**What is expected**
All lines of the material must be output verbatim.
===== Data excerpts =====
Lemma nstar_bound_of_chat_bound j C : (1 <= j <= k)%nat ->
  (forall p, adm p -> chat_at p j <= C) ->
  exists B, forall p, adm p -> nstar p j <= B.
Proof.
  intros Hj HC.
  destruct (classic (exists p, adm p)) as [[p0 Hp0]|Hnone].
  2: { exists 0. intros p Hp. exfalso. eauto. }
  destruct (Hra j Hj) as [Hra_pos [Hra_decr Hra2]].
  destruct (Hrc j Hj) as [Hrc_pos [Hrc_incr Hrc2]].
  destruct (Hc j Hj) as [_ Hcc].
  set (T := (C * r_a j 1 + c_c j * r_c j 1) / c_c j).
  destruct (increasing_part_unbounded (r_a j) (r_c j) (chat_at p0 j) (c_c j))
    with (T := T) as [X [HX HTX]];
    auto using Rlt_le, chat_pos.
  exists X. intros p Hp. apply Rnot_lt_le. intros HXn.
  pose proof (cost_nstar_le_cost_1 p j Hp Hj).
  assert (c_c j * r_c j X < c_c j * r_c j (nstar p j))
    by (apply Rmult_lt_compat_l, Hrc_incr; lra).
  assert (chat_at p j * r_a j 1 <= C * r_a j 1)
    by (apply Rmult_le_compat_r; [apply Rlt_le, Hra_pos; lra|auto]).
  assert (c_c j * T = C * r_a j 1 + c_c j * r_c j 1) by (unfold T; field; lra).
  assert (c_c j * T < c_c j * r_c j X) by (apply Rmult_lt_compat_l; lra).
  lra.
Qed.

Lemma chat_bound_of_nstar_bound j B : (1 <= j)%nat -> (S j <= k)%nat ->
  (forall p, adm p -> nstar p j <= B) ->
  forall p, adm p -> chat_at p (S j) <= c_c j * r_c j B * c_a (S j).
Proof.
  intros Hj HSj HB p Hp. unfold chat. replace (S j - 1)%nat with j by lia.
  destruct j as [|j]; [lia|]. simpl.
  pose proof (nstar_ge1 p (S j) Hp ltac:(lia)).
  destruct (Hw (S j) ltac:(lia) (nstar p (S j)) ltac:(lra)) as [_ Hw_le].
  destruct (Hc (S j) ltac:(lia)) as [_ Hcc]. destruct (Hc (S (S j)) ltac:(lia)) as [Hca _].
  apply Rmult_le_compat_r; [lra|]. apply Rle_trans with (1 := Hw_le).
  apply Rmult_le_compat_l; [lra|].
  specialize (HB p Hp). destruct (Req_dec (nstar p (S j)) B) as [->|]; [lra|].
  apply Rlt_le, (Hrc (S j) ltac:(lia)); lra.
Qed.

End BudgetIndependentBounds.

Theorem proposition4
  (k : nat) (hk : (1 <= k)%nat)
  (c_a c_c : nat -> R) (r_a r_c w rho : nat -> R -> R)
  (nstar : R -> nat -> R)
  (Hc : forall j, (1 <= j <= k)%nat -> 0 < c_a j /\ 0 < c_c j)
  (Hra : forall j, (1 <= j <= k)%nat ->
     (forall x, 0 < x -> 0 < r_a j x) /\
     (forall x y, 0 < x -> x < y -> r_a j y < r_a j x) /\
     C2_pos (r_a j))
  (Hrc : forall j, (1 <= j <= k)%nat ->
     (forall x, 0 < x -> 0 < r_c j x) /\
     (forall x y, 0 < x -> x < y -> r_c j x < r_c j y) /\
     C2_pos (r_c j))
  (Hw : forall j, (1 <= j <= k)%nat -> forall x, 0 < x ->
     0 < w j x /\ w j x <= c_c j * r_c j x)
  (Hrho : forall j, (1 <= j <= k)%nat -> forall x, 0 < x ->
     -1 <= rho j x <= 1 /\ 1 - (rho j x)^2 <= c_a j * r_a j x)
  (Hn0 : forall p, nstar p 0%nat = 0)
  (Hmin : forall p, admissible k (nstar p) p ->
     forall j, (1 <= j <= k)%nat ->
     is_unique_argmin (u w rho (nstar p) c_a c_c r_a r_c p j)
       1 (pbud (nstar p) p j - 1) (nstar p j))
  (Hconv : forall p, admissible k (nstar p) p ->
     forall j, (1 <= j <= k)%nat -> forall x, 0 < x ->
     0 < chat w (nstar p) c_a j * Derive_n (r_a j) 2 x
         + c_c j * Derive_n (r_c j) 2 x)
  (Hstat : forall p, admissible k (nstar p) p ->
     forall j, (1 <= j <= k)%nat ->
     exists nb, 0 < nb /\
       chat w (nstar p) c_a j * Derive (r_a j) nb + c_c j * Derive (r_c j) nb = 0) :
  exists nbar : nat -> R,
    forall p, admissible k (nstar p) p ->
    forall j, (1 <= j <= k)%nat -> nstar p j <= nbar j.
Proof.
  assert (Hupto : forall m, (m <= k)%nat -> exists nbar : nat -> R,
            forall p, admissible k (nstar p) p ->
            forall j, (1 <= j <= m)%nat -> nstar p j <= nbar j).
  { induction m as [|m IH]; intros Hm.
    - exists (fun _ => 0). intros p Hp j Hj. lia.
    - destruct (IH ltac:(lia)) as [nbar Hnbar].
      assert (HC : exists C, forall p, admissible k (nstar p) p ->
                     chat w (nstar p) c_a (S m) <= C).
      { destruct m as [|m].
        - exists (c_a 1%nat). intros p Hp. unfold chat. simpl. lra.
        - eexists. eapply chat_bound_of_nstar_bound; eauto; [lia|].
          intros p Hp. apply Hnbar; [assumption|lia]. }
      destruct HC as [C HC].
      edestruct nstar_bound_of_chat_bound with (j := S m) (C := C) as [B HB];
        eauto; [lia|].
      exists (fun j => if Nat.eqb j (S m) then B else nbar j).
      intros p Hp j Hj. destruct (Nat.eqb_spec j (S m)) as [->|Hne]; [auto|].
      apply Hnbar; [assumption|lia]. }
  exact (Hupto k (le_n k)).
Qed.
=====
**Result**
Lemma nstar_bound_of_chat_bound j C : (1 <= j <= k)%nat ->
  (forall p, adm p -> chat_at p j <= C) ->
  exists B, forall p, adm p -> nstar p j <= B.
Proof.
  intros Hj HC.
  destruct (classic (exists p, adm p)) as [[p0 Hp0]|Hnone].
  2: { exists 0. intros p Hp. exfalso. eauto. }
  destruct (Hra j Hj) as [Hra_pos [Hra_decr Hra2]].
  destruct (Hrc j Hj) as [Hrc_pos [Hrc_incr Hrc2]].
  destruct (Hc j Hj) as [_ Hcc].
  set (T := (C * r_a j 1 + c_c j * r_c j 1) / c_c j).
  destruct (increasing_part_unbounded (r_a j) (r_c j) (chat_at p0 j) (c_c j))
    with (T := T) as [X [HX HTX]];
    auto using Rlt_le, chat_pos.
  exists X. intros p Hp. apply Rnot_lt_le. intros HXn.
  pose proof (cost_nstar_le_cost_1 p j Hp Hj).
  assert (c_c j * r_c j X < c_c j * r_c j (nstar p j))
    by (apply Rmult_lt_compat_l, Hrc_incr; lra).
  assert (chat_at p j * r_a j 1 <= C * r_a j 1)
    by (apply Rmult_le_compat_r; [apply Rlt_le, Hra_pos; lra|auto]).
  assert (c_c j * T = C * r_a j 1 + c_c j * r_c j 1) by (unfold T; field; lra).
  assert (c_c j * T < c_c j * r_c j X) by (apply Rmult_lt_compat_l; lra).
  lra.
Qed.

Lemma chat_bound_of_nstar_bound j B : (1 <= j)%nat -> (S j <= k)%nat ->
  (forall p, adm p -> nstar p j <= B) ->
  forall p, adm p -> chat_at p (S j) <= c_c j * r_c j B * c_a (S j).
Proof.
  intros Hj HSj HB p Hp. unfold chat. replace (S j - 1)%nat with j by lia.
  destruct j as [|j]; [lia|]. simpl.
  pose proof (nstar_ge1 p (S j) Hp ltac:(lia)).
  destruct (Hw (S j) ltac:(lia) (nstar p (S j)) ltac:(lra)) as [_ Hw_le].
  destruct (Hc (S j) ltac:(lia)) as [_ Hcc]. destruct (Hc (S (S j)) ltac:(lia)) as [Hca _].
  apply Rmult_le_compat_r; [lra|]. apply Rle_trans with (1 := Hw_le).
  apply Rmult_le_compat_l; [lra|].
  specialize (HB p Hp). destruct (Req_dec (nstar p (S j)) B) as [->|]; [lra|].
  apply Rlt_le, (Hrc (S j) ltac:(lia)); lra.
Qed.

End BudgetIndependentBounds.

Theorem proposition4
  (k : nat) (hk : (1 <= k)%nat)
  (c_a c_c : nat -> R) (r_a r_c w rho : nat -> R -> R)
  (nstar : R -> nat -> R)
  (Hc : forall j, (1 <= j <= k)%nat -> 0 < c_a j /\ 0 < c_c j)
  (Hra : forall j, (1 <= j <= k)%nat ->
     (forall x, 0 < x -> 0 < r_a j x) /\
     (forall x y, 0 < x -> x < y -> r_a j y < r_a j x) /\
     C2_pos (r_a j))
  (Hrc : forall j, (1 <= j <= k)%nat ->
     (forall x, 0 < x -> 0 < r_c j x) /\
     (forall x y, 0 < x -> x < y -> r_c j x < r_c j y) /\
     C2_pos (r_c j))
  (Hw : forall j, (1 <= j <= k)%nat -> forall x, 0 < x ->
     0 < w j x /\ w j x <= c_c j * r_c j x)
  (Hrho : forall j, (1 <= j <= k)%nat -> forall x, 0 < x ->
     -1 <= rho j x <= 1 /\ 1 - (rho j x)^2 <= c_a j * r_a j x)
  (Hn0 : forall p, nstar p 0%nat = 0)
  (Hmin : forall p, admissible k (nstar p) p ->
     forall j, (1 <= j <= k)%nat ->
     is_unique_argmin (u w rho (nstar p) c_a c_c r_a r_c p j)
       1 (pbud (nstar p) p j - 1) (nstar p j))
  (Hconv : forall p, admissible k (nstar p) p ->
     forall j, (1 <= j <= k)%nat -> forall x, 0 < x ->
     0 < chat w (nstar p) c_a j * Derive_n (r_a j) 2 x
         + c_c j * Derive_n (r_c j) 2 x)
  (Hstat : forall p, admissible k (nstar p) p ->
     forall j, (1 <= j <= k)%nat ->
     exists nb, 0 < nb /\
       chat w (nstar p) c_a j * Derive (r_a j) nb + c_c j * Derive (r_c j) nb = 0) :
  exists nbar : nat -> R,
    forall p, admissible k (nstar p) p ->
    forall j, (1 <= j <= k)%nat -> nstar p j <= nbar j.
Proof.
  assert (Hupto : forall m, (m <= k)%nat -> exists nbar : nat -> R,
            forall p, admissible k (nstar p) p ->
            forall j, (1 <= j <= m)%nat -> nstar p j <= nbar j).
  { induction m as [|m IH]; intros Hm.
    - exists (fun _ => 0). intros p Hp j Hj. lia.
    - destruct (IH ltac:(lia)) as [nbar Hnbar].
      assert (HC : exists C, forall p, admissible k (nstar p) p ->
                     chat w (nstar p) c_a (S m) <= C).
      { destruct m as [|m].
        - exists (c_a 1%nat). intros p Hp. unfold chat. simpl. lra.
        - eexists. eapply chat_bound_of_nstar_bound; eauto; [lia|].
          intros p Hp. apply Hnbar; [assumption|lia]. }
      destruct HC as [C HC].
      edestruct nstar_bound_of_chat_bound with (j := S m) (C := C) as [B HB];
        eauto; [lia|].
      exists (fun j => if Nat.eqb j (S m) then B else nbar j).
      intros p Hp j Hj. destruct (Nat.eqb_spec j (S m)) as [->|Hne]; [auto|].
      apply Hnbar; [assumption|lia]. }
  exact (Hupto k (le_n k)).
Qed.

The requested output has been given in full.